Tierras de Caravaca de la Cruz.
Madrugada del 23 de Junio del 2010.
La noche permanecía sumida en una profunda paz. Una luna creciente iba recorriendo la bóveda celestial pausadamente y con un hechizo peculiar. El ulular hechizante de rapaces nocturnas, destacaba con embrujo sobre un silencio arcaico y apacible. La brisa, peregrina y cautivadora, nos brindaba el privilegio de escuchar su mítico lenguaje, cuando esta atravesaba con su etéreo cuerpo los pinares.
La noche anterior, el solsticio de verano, había sido la razón para que numerosos caballeros, se dieran cita en un prodigioso lugar que jamás será olvidado por nuestros corazones. Pues las tierras de Caravaca de la Cruz, poseen un poder natural arcaico de indudable notoriedad.

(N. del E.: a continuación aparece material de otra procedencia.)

Lemma cluster_closed_seq (T U : topologicalType) (u : nat -> T) (t : T)
    (f : T -> U) (C : set U) (n0 : nat) :
  cluster (u @ \oo) t -> continuous f -> closed C ->
  (forall m, (n0 <= m)%N -> C (f (u m))) -> C (f t).
Proof.
move=> ut cf clC uC; apply: clC => W /cf Wt.
have [y [Cy Wy]] := ut (f @^-1` C) _ (ex_intro2 _ _ n0 I uC) Wt.
by exists (f y).
Qed.

Section MatrixNorm.
Variable R : realType.

Lemma mx_norm_entry m n (x : 'M[R]_(m, n)) i j : `|x i j| <= `|x|.
Proof.
rewrite [`|x|]mx_normrE; apply/bigmax_geP; right; by exists (i, j).
Qed.

Lemma mx_norm_le m n (x : 'M[R]_(m, n)) c :
  0 <= c -> (forall i j, `|x i j| <= c) -> `|x| <= c.
Proof.
move=> c0 xc; rewrite [`|x|]mx_normrE.
by apply/bigmax_leP; split => // -[i j] _; exact: xc.
Qed.

Lemma trmx_norm m n (x : 'M[R]_(m, n)) : `|x^T| = `|x|.
Proof.
apply/le_anti/andP; split; apply: mx_norm_le => // i j.
  by rewrite mxE; exact: mx_norm_entry.
by have := mx_norm_entry x^T j i; rewrite mxE.
Qed.

Lemma trmx_continuous m n : continuous (@trmx R m n).
Proof.
move=> x B /(nbhs_ballP x^T) [e e0 eB]; apply/nbhs_ballP; exists e => // y.
rewrite -!ball_normE /= => xy; apply: eB.
by rewrite -!ball_normE /= -linearB trmx_norm.
Qed.

Lemma cV_norm_le_compact n (e : R) : compact [set u : 'cV[R]_n | `|u| <= e].
Proof.
have -> : [set u : 'cV[R]_n | `|u| <= e] = trmx @` [set r : 'rV[R]_n | `|r| <= e].
  apply/seteqP; split => u.
    by move=> ue; exists u^T; rewrite /= ?trmx_norm ?trmxK.
  by move=> [r re <-]; rewrite /= trmx_norm.
apply: continuous_compact; first exact/continuous_subspaceT/trmx_continuous.
apply: bounded_closed_compact.
  exists e; split => [|B eB r /= re]; first exact: num_real.
  exact: le_trans re (ltW eB).
exact: (proj1 (continuous_closedP _) (@norm_continuous _ _) _ (@closed_le R e)).
Qed.

Lemma closed_int : closed [set r : R | r \is a Num.int].
Proof.
rewrite -[X in closed X]setCK; apply: open_closedC; rewrite openE => r /= rZ.
set fl := Num.floor r.
have /andP[flr rfl] := floor_itv r.
have {}flr : fl%:~R < r.
  by rewrite lt_neqAle flr andbT; apply/eqP => flE; apply: rZ; rewrite -flE intr_int.
apply: (@filterS _ _ _ `]fl%:~R, (fl + 1)%:~R[); last first.
  by apply: (open_nbhs_nbhs _); split; [exact: itv_open | rewrite /= in_itv /= flr rfl].
move=> z; rewrite /= in_itv /= => /andP[flz zfl] /intrP[k zk].
by move: flz zfl; rewrite zk !ltr_int; lia.
Qed.

Lemma closed_int_points n : closed [set b : 'cV[R]_n | forall i, b i 0 \is a Num.int].
Proof.
rewrite [X in closed X](_ : _ =
  \bigcap_i (fun b : 'cV[R]_n => b i 0) @^-1` [set r | r \is a Num.int]).
  apply: closed_bigI => i _.
  exact: (proj1 (continuous_closedP _) (@coord_continuous R n 1 i 0) _ closed_int).
by apply/seteqP; split => b bZ i; [move=> _; exact: bZ | exact: bZ].
Qed.

End MatrixNorm.

Section Thickening.
Variables (R : realType) (d : nat).
Local Notation V := 'cV[R]_d.
Implicit Types (K : set V) (e : R).

Definition thickening K e : set V := [set y | exists2 k, K k & `|y - k| <= e].

Lemma thickening_compact K e : compact K -> compact (thickening K e).
Proof.
move=> cK.
have -> : thickening K e = (fun p : V * V => p.1 + p.2) @` (K `*` [set u | `|u| <= e]).
  apply/seteqP; split => y.
    by move=> [k Kk yk]; exists (k, y - k); rewrite //= addrC subrK.
  by move=> [[k u] [/= Kk ue] <-]; exists k; rewrite // addrAC subrr add0r.
have cKB := compact_setX cK (@cV_norm_le_compact R d e).
apply: continuous_compact cKB.
exact/continuous_subspaceT/add_continuous.
Qed.

Lemma thickening_closed K e : compact K -> closed (thickening K e).
Proof.
by move=> cK; apply: compact_closed; [exact: norm_hausdorff | exact: thickening_compact].
Qed.

Lemma sub_thickening K e : 0 <= e -> K `<=` thickening K e.
Proof. by move=> e0 k Kk; exists k; rewrite // subrr normr0. Qed.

Obedeciendo a viejos cultos, a lejanas ceremonias remotas, los tres cazadores empuñamos nuestros ceremoniales arcos para iniciar la cacería del viejo, solitario y sagaz macho jabalí. En esta ocasión, el simbolismo de la cacería nos mostraría las claves, que nos enseñarían a ser capaces de superar las desavenencias de la vida y los defectos que todo ser humano posee en sí mismo y que tenemos que abatir, para evolucionar y caminar por el sendero de la benevolencia.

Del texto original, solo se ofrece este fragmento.